§ Assignment:
Take the entries that follow and return exactly the lines from the one holding "(mu : set ('I_n -> U) -> R) (om" through the one holding "Definition witnesses (n", both included. Nothing else is needed.

§ Provided information:
· · · · · · ·
(* Let $T$ be a complete theory with monster model $\mathcal{U}$, $A\subseteq\mathcal{U}$ small, $\mu\in\mathfrak{M}_x(\mathcal{U})$, $\nu\in\mathfrak{M}_y(\mathcal{U})$, and suppose $\lambda\in\mathfrak{M}_{xy}(A)$ witnesses $\mu\geq_{\mathbb{E},A}\nu$. Then for every $\psi(y)\in\mathcal{L}_y(\mathcal{U})$ and $\epsilon>0$ there exist $\chi^-_\epsilon(x,y),\chi^+_\epsilon(x,y)\in\mathbb{B}_{xy}(A)$ such that (1) $\chi^-_\epsilon(x,y)\subseteq(\psi(y)\wedge x=x)\subseteq\chi^+_\epsilon(x,y)$; (2) for every $\omega\in\operatorname{E}(\lambda,\mu)$, $\omega(\chi^+_\epsilon(x,y))-\omega(\chi^-_\epsilon(x,y))<\epsilon$; (3) for every $\omega\in\operatorname{E}(\lambda,\mu)$, $|\omega(\chi^{\dagger}_\epsilon(x,y))-\nu(\psi(y))|<\epsilon$ for $\dagger\in\{+,-\}$.
   Context: For $B\subseteq\mathcal{U}$, $\mathcal{L}_x(B)$ is the Boolean algebra of formulas in $x$ with parameters from $B$ modulo $T$, identified with $B$-definable sets, and embedded in $\mathcal{L}_{xy}(B)$ via $\varphi(x)\mapsto\varphi(x)\wedge y=y$; $\mathfrak{M}_x(B)$ is the set of finitely additive probability measures on $\mathcal{L}_x(B)$. For $\omega\in\mathfrak{M}_{xy}(B)$, $\pi_x(\omega)(\varphi(x))=\omega(\varphi(x)\wedge y=y)$ (similarly $\pi_y$); $\omega|_C$ is restriction. $\operatorname{E}(\lambda,\mu)=\{\omega\in\mathfrak{M}_{xy}(\mathcal{U}):\omega|_A=\lambda,\pi_x(\omega)=\mu\}$. $\lambda$ witnesses $\mu\geq_{\mathbb{E},A}\nu$ means $\pi_x(\lambda)=\mu|_A$ and $\pi_y(\omega)=\nu$ for all $\omega\in\operatorname{E}(\lambda,\mu)$. $\mathbb{B}_{xy}(A)$ is the Boolean subalgebra of $\mathcal{L}_{xy}(\mathcal{U})$ generated by $\{\varphi(x)\wedge y=y:\varphi(x)\in\mathcal{L}_x(\mathcal{U})\}\cup\mathcal{L}_{xy}(A)$. *)

From Stdlib Require Lists.List.
From mathcomp Require Import all_boot all_order all_algebra.
From mathcomp Require Import boolp classical_sets cardinality reals.

Import Order.TTheory GRing.Theory Num.Theory.
Local Open Scope classical_set_scope.
Local Open Scope ring_scope.

(** * First-order syntax over a signature (function symbols [F], relation
    symbols [Rl]; a symbol is interpreted on the list of its arguments),
    with parameters (constants) taken from a type [P]. *)
Section Syntax.
Variables (F Rl P : Type).

Inductive term : Type :=
| tvar of nat
| tpar of P
| tapp of F & seq term.

Inductive formula : Type :=
| fatom of Rl & seq term
| feq of term & term
| fneg of formula
| fand of formula & formula
| fex of nat & formula.

Fixpoint term_params_in (B : set P) (t : term) : Prop :=
  match t with
  | tvar _ => True
  | tpar p => B p
  | tapp _ ts => foldr (fun t acc => term_params_in B t /\ acc) True ts
  end.

Fixpoint params_in (B : set P) (phi : formula) : Prop :=
  match phi with
  | fatom _ ts => foldr (fun t acc => term_params_in B t /\ acc) True ts
  | feq t1 t2 => term_params_in B t1 /\ term_params_in B t2
  | fneg f => params_in B f
  | fand f g => params_in B f /\ params_in B g
  | fex _ f => params_in B f
  end.
End Syntax.

Arguments tvar {F P}. Arguments tpar {F P}. Arguments tapp {F P}.
Arguments fatom {F Rl P}. Arguments feq {F Rl P}. Arguments fneg {F Rl P}.
Arguments fand {F Rl P}. Arguments fex {F Rl P}.

Section Semantics.
Variables (F Rl U : Type) (funI : F -> seq U -> U) (relI : Rl -> seq U -> Prop).

Fixpoint teval (v : nat -> U) (t : term F U) : U :=
  match t with
  | tvar k => v k
  | tpar u => u
  | tapp f ts => funI f (map (teval v) ts)
  end.

Definition upd (v : nat -> U) (k : nat) (u : U) : nat -> U :=
  fun j => if j == k then u else v j.

Fixpoint sat (v : nat -> U) (phi : formula F Rl U) : Prop :=
  match phi with
  | fatom r ts => relI r (map (teval v) ts)
  | feq t1 t2 => teval v t1 = teval v t2
  | fneg f => ~ sat v f
  | fand f g => sat v f /\ sat v g
  | fex k f => exists u, sat (upd v k u) f
  end.

(** [B]-definable subsets of [U^n] (tuples of variables [x = (x_0,...,x_{n-1})]),
    i.e. the elements of [L_x(B)] (formulas modulo [T = Th(U)], identified with
    the sets they define). *)
Definition definable (n : nat) (B : set U) (S : set ('I_n -> U)) : Prop :=
  exists phi : formula F Rl U, params_in F Rl U B phi /\
    forall a : 'I_n -> U,
      S a <-> (forall v : nat -> U, (forall i : 'I_n, v i = a i) -> sat v phi).

Definition card_lt_type {T : Type} (B : set T) (K : Type) : Prop :=
  ~ (card_le [set: K] B).

(** [U] is a monster model for the cardinal represented by [K]:
    nonempty, [K]-saturated, strongly [K]-homogeneous, [K] bigger than the
    language and than [aleph_0]. *)
Definition saturated (K : Type) : Prop :=
  forall (B : set U) (p : set (formula F Rl U)),
    card_lt_type B K ->
    (forall phi, p phi -> params_in F Rl U B phi) ->
    (forall s : seq (formula F Rl U), (forall phi, Stdlib.Lists.List.In phi s -> p phi) ->
       exists u : U, forall phi, Stdlib.Lists.List.In phi s ->
         forall v : nat -> U, v 0%N = u -> sat v phi) ->
    exists u : U, forall phi, p phi -> forall v : nat -> U, v 0%N = u -> sat v phi.

Definition automorphism (s : U -> U) : Prop :=
  bijective s /\
  (forall f l, s (funI f l) = funI f (map s l)) /\
  (forall r l, relI r l <-> relI r (map s l)).

Definition elementary_on (B : set U) (f : U -> U) : Prop :=
  forall (phi : formula F Rl U) (v : nat -> U),
    params_in F Rl U set0 phi -> (forall k, B (v k)) ->
    (sat v phi <-> sat (f \o v) phi).

Definition strongly_homogeneous (K : Type) : Prop :=
  forall (B : set U) (f : U -> U), card_lt_type B K -> elementary_on B f ->
    exists s, automorphism s /\ forall b, B b -> s b = f b.

Definition monster (K : Type) : Prop :=
  inhabited U /\ saturated K /\ strongly_homogeneous K /\
  card_lt_type [set: F + Rl] K /\ card_lt_type [set: nat] K.

(** cylinders: [phi(x) /\ y = y] and [psi(y) /\ x = x] in variables [xy] *)
Definition cylx (n m : nat) (S : set ('I_n -> U)) : set ('I_(n + m) -> U) :=
  fun c => S (fun i => c (lshift m i)).
Definition cyly (n m : nat) (S : set ('I_m -> U)) : set ('I_(n + m) -> U) :=
  fun c => S (fun j => c (rshift n j)).

Variable R : realType.

(** finitely additive probability measures on [L_x(B)] ([mu] is only
    meaningful on [B]-definable sets). *)
Definition keisler (n : nat) (B : set U) (mu : set ('I_n -> U) -> R) : Prop :=
  mu setT = 1 /\
  (forall D, definable n B D -> 0 <= mu D) /\
  (forall D1 D2, definable n B D1 -> definable n B D2 -> D1 `&` D2 = set0 ->
     mu (D1 `|` D2) = mu D1 + mu D2).

Definition Eset (n m : nat) (A : set U) (lam : set ('I_(n + m) -> U) -> R)
  (mu : set ('I_n -> U) -> R) (om : set ('I_(n + m) -> U) -> R) : Prop :=
  keisler (n + m) setT om /\
  (forall D, definable (n + m) A D -> om D = lam D) /\
  (forall D, definable n setT D -> om (cylx n m D) = mu D).

Definition witnesses (n m : nat) (A : set U) (lam : set ('I_(n + m) -> U) -> R)
  (mu : set ('I_n -> U) -> R) (nu : set ('I_m -> U) -> R) : Prop :=
  (forall D, definable n A D -> lam (cylx n m D) = mu D) /\
  (forall om, Eset n m A lam mu om ->
     forall D, definable m setT D -> om (cyly n m D) = nu D).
· · · · · · ·
§ Response:
  (mu : set ('I_n -> U) -> R) (om : set ('I_(n + m) -> U) -> R) : Prop :=
  keisler (n + m) setT om /\
  (forall D, definable (n + m) A D -> om D = lam D) /\
  (forall D, definable n setT D -> om (cylx n m D) = mu D).

Definition witnesses (n m : nat) (A : set U) (lam : set ('I_(n + m) -> U) -> R)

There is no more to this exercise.